Ironically, the sheer number of identity group rallies for Harris, while the nation remains split roughly 50-50 (or perhaps 45-45) between her and Trump, accidentally demonstrates that no identity group is monolithic. No one must vote a certain way simply because they belong to a certain arbitrary group. Even evangelicals have some political diversity; not everyone who repents and believes in Jesus Christ makes the same logical connections between Scripture and politics.
- The Evangelicals for Harris rally featured a mix of speakers, not all of whom were evangelical.
The Evangelicals for Harris event featured 18 speakers plus a moderator, with significant diversity among the participants.
Moderator Ekemini Uwan set the overall tone. At a Christian conference in 2019, Uwan declared, “Whiteness is wicked. It is wicked. It’s rooted in violence. It’s rooted in theft. It’s rooted in plunder. It’s rooted in power, in privilege.” She has called for defunding the police, reparations, a path to citizenship for illegal immigrants, and an end to the Electoral College, according to Fox News.
When asked about these past comments, Uwan responded that she “told the truth about the wickedness of whiteness.” She explained, “I preached the gospel and told them there is grace and that the blood covers. I am an anti-racist Public Theologian. I hold up a mirror, make people face the racist reflection staring back at them, and give them hope found in the gospel of Jesus Christ.”
Other speakers are known for previous progressive activism within evangelical churches. Among many, Burk highlights Bishop Claude Alexander, chairman of the board of directors at Christianity Today, Rev. Dwight McKissic, “a well-known activist for women pastors within the Southern Baptist Convention,” and Jemar Tisby, an anti-racist author and former assistant director at Ibram X. Kendi’s Center for Antiracist Research.
Some speakers appear to focus their political engagement on fighting anti-Asian racism. This includes Russell Jeung, Soong-Chan Rah, and Raymond Chang.
Other speakers are not in pastoral ministry, such as Billy Graham’s granddaughter, Jerushah Duford, an “LGBTQ+ friendly” therapist. Another speaker was Christian rapper Derek Minor, whose up-and-down faith journey “doesn’t fit the mold anymore.”
Some speakers did not even seem to fit the standard definition of evangelical. Matt Tebbe is a priest in the Episcopal Church — by definition a mainline denomination, as distinct from an evangelical one. Lee Scott, of the Coalition for Christian Outreach is ordained as a minister in the Presbyterian Church, U.S.A., another mainline denomination.
The hodgepodge of speakers provides an answer to readers who may be wondering how an “Evangelicals for Harris” group could even form in the first place. How could Bible-believing Christians, who submit their lives to the word of God, support one of the most pro-abortion, pro-LGBT politicians of our time? The answer is that there isn’t one answer, but many.
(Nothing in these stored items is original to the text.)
(* Let $\mathcal{A},\mathcal{B}$ be Hilbert spaces with $\dim\mathcal{A}=m$, $\dim\mathcal{B}=n$, $2\le m\le n$, with computational bases $\{|j\rangle\}$. Let $S=\operatorname{span}\{|j\rangle|k+1\rangle-|j+1\rangle|k\rangle : 0\le j\le m-2,\ 0\le k\le n-2\}\subseteq\mathcal{A}\otimes\mathcal{B}$. Then the orthogonal complement $S^\perp$ is strongly PPT-unextendible.
   Context: A bipartite positive semidefinite operator $E$ is PPT if its partial transpose $E^{T_B}$ (defined by $(|i\rangle\langle k|\otimes|j\rangle\langle l|)^{T_B}=|i\rangle\langle k|\otimes|l\rangle\langle j|$) is positive semidefinite. A subspace $V\subseteq\mathcal{A}\otimes\mathcal{B}$ is PPT-extendible if there exists a nonzero PPT operator whose support is contained in $V^\perp$; $V$ is strongly PPT-unextendible if for every positive integer $k$, $V^{\otimes k}\subseteq\mathcal{A}^{\otimes k}\otimes\mathcal{B}^{\otimes k}$ is not PPT-extendible (with respect to the bipartition $\mathcal{A}^{\otimes k}:\mathcal{B}^{\otimes k}$). *)

(* Finite-dimensional complex Hilbert spaces are modelled as
   functions  I -> C  on a finite index type I (the computational basis),
   operators as kernels  I -> I -> C  (matrix entries <s|E|t> = E s t),
   over an arbitrary numClosedFieldType C (e.g. algC, complex numbers). *)
From HB Require Import structures.
From mathcomp Require Import all_boot all_order all_algebra.
Set Implicit Arguments. Unset Strict Implicit. Unset Printing Implicit Defensive.
Import Order.TTheory GRing.Theory Num.Theory.
Local Open Scope ring_scope.

Section QInfo.
Variable C : numClosedFieldType.

Definition inner (I : finType) (x y : I -> C) : C := \sum_t (x t)^* * y t.

Definition apply_op (I : finType) (E : I -> I -> C) (v : I -> C) : I -> C :=
  fun s => \sum_t E s t * v t.

Definition psd (I : finType) (E : I -> I -> C) : Prop :=
  (forall s t, E s t = (E t s)^*) /\
  (forall v : I -> C, 0 <= \sum_s \sum_t (v s)^* * E s t * v t).

(* Partial transpose on the second factor:
   (|i><k| (x) |j><l|)^{T_B} = |i><k| (x) |l><j|, i.e.
   E^{T_B}[(a,b),(a',b')] = E[(a,b'),(a',b)]. *)
Definition ptransB (IA IB : finType) (E : (IA * IB) -> (IA * IB) -> C) :
  (IA * IB) -> (IA * IB) -> C :=
  fun x y => E (x.1, y.2) (y.1, x.2).

Definition PPT (IA IB : finType) (E : (IA * IB) -> (IA * IB) -> C) : Prop :=
  psd E /\ psd (ptransB E).

Definition span (I : finType) (P : (I -> C) -> Prop) (w : I -> C) : Prop :=
  exists (r : nat) (c : 'I_r -> C) (g : 'I_r -> (I -> C)),
    (forall i, P (g i)) /\
    w = (fun t => \sum_(i < r) c i * g i t).

Definition orth (I : finType) (P : (I -> C) -> Prop) (v : I -> C) : Prop :=
  forall w, P w -> inner w v = 0.

Definition supp_in_orth (I : finType) (E : I -> I -> C) (V : (I -> C) -> Prop)
  : Prop := forall u, orth V (apply_op E u).

Definition PPT_extendible (IA IB : finType) (V : (IA * IB -> C) -> Prop) : Prop :=
  exists E : (IA * IB) -> (IA * IB) -> C,
    E <> (fun _ _ => 0) /\ PPT E /\ supp_in_orth E V.

(* Tensor product v_1 (x) ... (x) v_k of vectors in A (x) B, viewed as a
   vector of A^{(x)k} (x) B^{(x)k} (factors regrouped for the bipartition
   A^{(x)k} : B^{(x)k}). *)
Definition tensorvec (IA IB : finType) (k : nat) (vs : 'I_k -> (IA * IB -> C)) :
  {ffun 'I_k -> IA} * {ffun 'I_k -> IB} -> C :=
  fun ab => \prod_(i < k) vs i (ab.1 i, ab.2 i).

Definition tensor_pow (IA IB : finType) (k : nat) (V : (IA * IB -> C) -> Prop) :
  ({ffun 'I_k -> IA} * {ffun 'I_k -> IB} -> C) -> Prop :=
  span (fun w => exists vs : 'I_k -> (IA * IB -> C),
                   (forall i, V (vs i)) /\ w = tensorvec vs).

Definition strongly_PPT_unextendible (IA IB : finType)
  (V : (IA * IB -> C) -> Prop) : Prop :=
  forall k : nat, (0 < k)%N -> ~ PPT_extendible (@tensor_pow IA IB k V).

Definition Sgen (m n : nat) (j k : nat) : 'I_m * 'I_n -> C :=
  fun ab => ((((ab.1 : nat) == j) && ((ab.2 : nat) == k.+1))%:R
            - (((ab.1 : nat) == j.+1) && ((ab.2 : nat) == k)) %:R).

Definition Sspace (m n : nat) : ('I_m * 'I_n -> C) -> Prop :=
  span (fun w => exists j k, (j.+1 < m)%N /\ (k.+1 < n)%N /\ w = @Sgen m n j k).

End QInfo.

From Pilot Require Import Defs.
From mathcomp Require Import all_boot all_order all_algebra.
From mathcomp Require Import ring zify.
From Stdlib Require Import FunctionalExtensionality.
Set Implicit Arguments. Unset Strict Implicit. Unset Printing Implicit Defensive.
Import Order.TTheory GRing.Theory Num.Theory.

(* The vectors h_d = sum_(a + b = d) |a>|b> are orthogonal to S, so for a PPT
   operator E whose support is orthogonal to (S^perp)^(x)k, testing against
   the tensor products of the h_d shows that for every basis vector x = (a, b)
   the entries E s x over the level of x (s.1 + s.2 = a + b componentwise) sum
   to zero.  Weigh x by code a + code b, with code the base-m value.  For s <> x
   on the level of x, E s x is the entry of E^T_B at ((s.1, b), (a, s.2)), and
   one of these two indices is strictly lighter than x, because the two weight
   differences cancel and code is injective.  A psd matrix with a zero diagonal
   entry has a zero row and column, so induction on the weight makes the
   diagonal of E vanish, hence E = 0. *)

Definition base_val (N k : nat) (c : 'I_k -> nat) : nat :=
  \sum_(i < k) c i * N ^ i.

Lemma base_valD N k (c c' : 'I_k -> nat) :
  base_val N (fun i => c i + c' i) = base_val N c + base_val N c'.
Proof.
by rewrite /base_val -big_split; apply: eq_bigr => i _; rewrite mulnDl.
Qed.

Lemma base_val_recl N k (c : 'I_k.+1 -> nat) :
  base_val N c = c ord0 + N * base_val N (fun i => c (lift ord0 i)).
Proof.
rewrite /base_val big_ord_recl muln1 big_distrr /=.
by congr (_ + _); apply: eq_bigr => i _; rewrite expnS mulnCA.
Qed.

Lemma base_val_inj N k (c c' : 'I_k -> nat) :
  (forall i, c i < N) -> (forall i, c' i < N) ->
  base_val N c = base_val N c' -> c =1 c'.
Proof.
elim: k c c' => [|k IH] c c' ltcN ltc'N; first by move=> _ [].
rewrite !base_val_recl => eq_val.
have eq0 : c ord0 = c' ord0.
  move/(congr1 (modn^~ N)): eq_val.
  by rewrite /= !(addnC (_ ord0)) !(mulnC N) !modnMDl !modn_small.
move: eq_val; rewrite eq0 => /addnI /eqP; rewrite eqn_pmul2l; last first.
  exact: leq_ltn_trans (ltcN ord0).
move/eqP/IH => eq_lift i.
by case: (unliftP ord0 i) => [j ->|->]; [apply: eq_lift|].
Qed.

Lemma base_val_descent N k (a a' b b' : 'I_k -> nat) :
  (forall i, a i < N) -> (forall i, a' i < N) ->
  (forall i, a' i + b' i = a i + b i) -> ~ a' =1 a ->
  base_val N a' < base_val N a \/ base_val N b' < base_val N b.
Proof.
move=> ltaN lta'N eq_sum neq_a.
have : base_val N a' + base_val N b' = base_val N a + base_val N b.
  by rewrite -!base_valD; apply: eq_bigr => i _; rewrite eq_sum.
have : base_val N a' != base_val N a by apply/eqP => /(base_val_inj lta'N ltaN).
lia.
Qed.

Section WeightDescent.
Variables m n k : nat.
Implicit Types s x : {ffun 'I_k -> 'I_m} * {ffun 'I_k -> 'I_n}.

Definition same_level : rel ({ffun 'I_k -> 'I_m} * {ffun 'I_k -> 'I_n}) :=
  fun s x => [forall i, s.1 i + s.2 i == x.1 i + x.2 i].

Definition weight x : nat :=
  base_val m (fun i => x.1 i : nat) + base_val m (fun i => x.2 i : nat).

Lemma weight_descent s x : same_level s x -> s != x ->
  weight (s.1, x.2) < weight x \/ weight (x.1, s.2) < weight x.
Proof.
case: s x => [a' b'] [a b] /forallP /= level_eq neq.
have sum_eq i : a' i + b' i = a i + b i by apply/eqP/level_eq.
have : ~ (fun i => a' i : nat) =1 (fun i => a i : nat).
  move=> eq_a; have eq_b : b' = b.
    apply/ffunP => i; apply/val_inj/(@addnI (a i)).
    by rewrite -[in LHS]eq_a sum_eq.
  move/negP: neq; apply; rewrite eq_b xpair_eqE eqxx andbT.
  by apply/eqP/ffunP => i; apply/val_inj/eq_a.
move/(base_val_descent (fun i => ltn_ord (a i)) (fun i => ltn_ord (a' i))
  sum_eq).
rewrite /weight /=; lia.
Qed.

End WeightDescent.

Local Open Scope ring_scope.

Section PositiveSemidefinite.
Variables (C : numClosedFieldType) (T : finType).
Implicit Types (F : T -> T -> C) (x y : T).

Lemma sum_delta (p : T) (G : T -> C) : \sum_t (t == p)%:R * G t = G p.
Proof.
rewrite (bigD1 p) //= eqxx mul1r big1 ?addr0 // => t /negbTE ->.
by rewrite mul0r.
Qed.

Lemma qform_pair F x y (al be : C) :
  let v s := (s == x)%:R * al + (s == y)%:R * be in
  \sum_s \sum_t (v s)^* * F s t * v t =
  al^* * al * F x x + al^* * be * F x y + be^* * al * F y x + be^* * be * F y y.
Proof.
move=> v; have row s : \sum_t (v s)^* * F s t * v t =
    (v s)^* * (F s x * al + F s y * be).
  rewrite (eq_bigr (fun t => (t == x)%:R * ((v s)^* * F s t * al) +
    (t == y)%:R * ((v s)^* * F s t * be))).
    by rewrite big_split /= !sum_delta; ring.
  by move=> t _; rewrite /v; ring.
rewrite (eq_bigr _ (fun s _ => row s)).
rewrite (eq_bigr (fun s => (s == x)%:R * (al^* * (F s x * al + F s y * be)) +
    (s == y)%:R * (be^* * (F s x * al + F s y * be)))); last first.
  by move=> s _; rewrite /v rmorphD !rmorphM /= !conjC_nat; ring.
by rewrite big_split /= !sum_delta; ring.
Qed.

Lemma psd_diag_ge0 F y : psd F -> 0 <= F y y.
Proof.
case=> _ /(_ (fun s => (s == y)%:R * 0 + (s == y)%:R * 1)).
by rewrite qform_pair conjC0 conjC1 !(mul0r, mul1r, add0r).
Qed.

Lemma psd_row_eq0 F x y : psd F -> F x x = 0 -> F x y = 0.
Proof.
move=> psdF Fxx; apply/eqP/negPn/negP => p_neq0.
have [herm pos] := psdF.
set q := F y y + 1; set al := - q / (F x y)^*.
have q_gt0 : 0 < q by rewrite ltr_wpDl ?psd_diag_ge0.
have conj_al : al^* = - q / F x y.
  rewrite /al fmorph_div rmorphN; congr (- _ / _).
    exact: geC0_conj (ltW q_gt0).
  exact: conjCK.
have pc_neq0 : (F x y)^* != 0 by rewrite conjC_eq0.
have := pos (fun s => (s == x)%:R * al + (s == y)%:R * 1).
rewrite qform_pair Fxx conj_al conjC1 (herm y x).
have -> : - q / F x y * al * 0 + - q / F x y * 1 * F x y + 1 * al * (F x y)^*
    + 1 * 1 * F y y = - (q + 1).
  by rewrite /al /q; field; apply/andP.
by rewrite oppr_ge0 lt_geF // ltr_wpDl ?ltW.
Qed.

Lemma psd_col_eq0 F x y : psd F -> F y y = 0 -> F x y = 0.
Proof. by move=> psdF Fyy; rewrite psdF.1 (psd_row_eq0 x psdF Fyy) conjC0. Qed.

Lemma psd_eq0 F : psd F -> (forall x, F x x = 0) -> F = (fun _ _ => 0).
Proof.
move=> psdF diag0; apply: functional_extensionality => x.
by apply: functional_extensionality => y; apply: psd_row_eq0.
Qed.

End PositiveSemidefinite.

Section PPTDescent.
Variables (C : numClosedFieldType) (IA IB : finType).
Variable E : IA * IB -> IA * IB -> C.
Variables (level : rel (IA * IB)) (phi : IA * IB -> nat).
Hypothesis E_PPT : PPT E.
Hypothesis level_refl : reflexive level.
Hypothesis level_sum_eq0 : forall x, \sum_(s | level s x) E s x = 0.
Hypothesis phi_descent : forall s x, level s x -> s != x ->
  (phi (s.1, x.2) < phi x)%N \/ (phi (x.1, s.2) < phi x)%N.

Lemma PPT_diag_eq0 x : E x x = 0.
Proof.
have [_ ET_psd] := E_PPT.
suff: forall p x, phi x = p -> E x x = 0 by apply.
elim/ltn_ind => p IH {}x phi_x.
have := level_sum_eq0 x; rewrite (bigD1 x) ?level_refl //= big1 ?addr0 //.
move=> s /andP [level_sx s_neq_x].
have <- : ptransB E (s.1, x.2) (x.1, s.2) = E s x.
  by rewrite /ptransB /= -!surjective_pairing.
case: (phi_descent level_sx s_neq_x) => [lt_phi|lt_phi].
- by apply: psd_row_eq0 ET_psd _; apply: (IH _ _ _ erefl); rewrite -phi_x.
- by apply: psd_col_eq0 ET_psd _; apply: (IH _ _ _ erefl); rewrite -phi_x.
Qed.

End PPTDescent.

Section AntidiagonalVectors.
Variable C : numClosedFieldType.

Lemma span_mem (I : finType) (P : (I -> C) -> Prop) w : P w -> Defs.span P w.
Proof.
exists 1%N, (fun _ => 1), (fun _ => w); split=> //.
by apply: functional_extensionality => t; rewrite big_ord1 mul1r.
Qed.

Lemma orth_span (I : finType) (P : (I -> C) -> Prop) v :
  orth P v -> orth (Defs.span P) v.
Proof.
move=> orthPv w [r [c [g [Pg ->]]]]; rewrite /inner.
under eq_bigr do rewrite rmorph_sum mulr_suml.
rewrite exchange_big big1 // => i _.
rewrite (eq_bigr (fun t => (c i)^* * ((g i t)^* * v t))) => [|t _].
  by rewrite -mulr_sumr -/(inner (g i) v) (orthPv _ (Pg i)) mulr0.
by rewrite rmorphM mulrA.
Qed.

Lemma supp_in_orth_col (I : finType) (E : I -> I -> C) V w y :
  supp_in_orth E V -> V w -> \sum_s (w s)^* * E s y = 0.
Proof.
move=> suppE Vw; rewrite -[RHS](suppE (fun t => (t == y)%:R) w Vw).
rewrite /inner; apply: eq_bigr => s _; rewrite /apply_op -[E s y]sum_delta.
by under eq_bigr do rewrite mulrC.
Qed.

Definition antidiag m n (d : nat) : 'I_m * 'I_n -> C :=
  fun ab => ((ab.1 + ab.2)%N == d)%:R.

Lemma orth_Sspace_antidiag m n d : orth (@Sspace C m n) (antidiag d).
Proof.
apply: orth_span => _ [j [k [ltjm [ltkn ->]]]].
have Sgen_delta : @Sgen C m n j k = fun t =>
    (t == (Ordinal (ltnW ltjm), Ordinal ltkn))%:R
    - (t == (Ordinal ltjm, Ordinal (ltnW ltkn)))%:R.
  by apply: functional_extensionality => -[a b]; rewrite /Sgen !xpair_eqE.
rewrite /inner Sgen_delta.
under eq_bigr do rewrite rmorphB /= !conjC_nat mulrBl.
by rewrite sumrB !sum_delta /antidiag /= addnS addSn subrr.
Qed.

Lemma tensorvec_antidiag m n k (d : 'I_k -> nat) s :
  tensorvec (fun i => @antidiag m n (d i)) s =
  [forall i, (s.1 i + s.2 i)%N == d i]%:R.
Proof.
rewrite /tensorvec.
case: (boolP [forall i, _]) => [/forallP level_d | /forallPn [i neq_i]].
  by rewrite big1 // => i _; rewrite /antidiag level_d.
by rewrite (bigD1 i) //= /antidiag (negbTE neq_i) mul0r.
Qed.

Lemma same_level_sum_eq0 m n k (E : _ -> _ -> C) x y :
  supp_in_orth E (@tensor_pow C _ _ k (orth (@Sspace C m n))) ->
  \sum_(s | same_level s x) E s y = 0.
Proof.
move=> suppE; pose w := tensorvec (fun i => @antidiag m n (x.1 i + x.2 i)%N).
have Pw : @tensor_pow C _ _ k (orth (@Sspace C m n)) w.
  apply: span_mem; exists (fun i => antidiag (x.1 i + x.2 i)).
  by split=> // i; apply: orth_Sspace_antidiag.
rewrite big_mkcond /= -[RHS](supp_in_orth_col y suppE Pw).
apply: eq_bigr => s _; rewrite /w /same_level tensorvec_antidiag conjC_nat.
by case: [forall _, _]; rewrite ?mul1r ?mul0r.
Qed.

End AntidiagonalVectors.

Theorem theorem3 (C : numClosedFieldType) (m n : nat) :
  (2 <= m)%N -> (m <= n)%N ->
  strongly_PPT_unextendible (orth (@Sspace C m n)).
Proof.
move=> _ _ k _ [E [E_neq0 [E_PPT E_supp]]]; apply: E_neq0.
apply: (psd_eq0 E_PPT.1) => x.
apply: (PPT_diag_eq0 (level := @same_level m n k) (phi := @weight m n k) E_PPT).
- by move=> y; apply/forallP.
- by move=> y; apply: same_level_sum_eq0.
- exact: weight_descent.
Qed.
The reasons some evangelicals have for supporting Harris aren’t necessarily good ones — and a majority of evangelicals seem to disagree with their reasoning — but differences of thinking will always result where there is genuine freedom of thought. In an era when governments increasingly seek to crack down on “misinformation” and other thought crimes, the existence of a minority position like “Evangelicals for Harris” is proof that freedom of thought is still alive in American churches.
Joshua Arnold is a senior writer at The Washington Stand.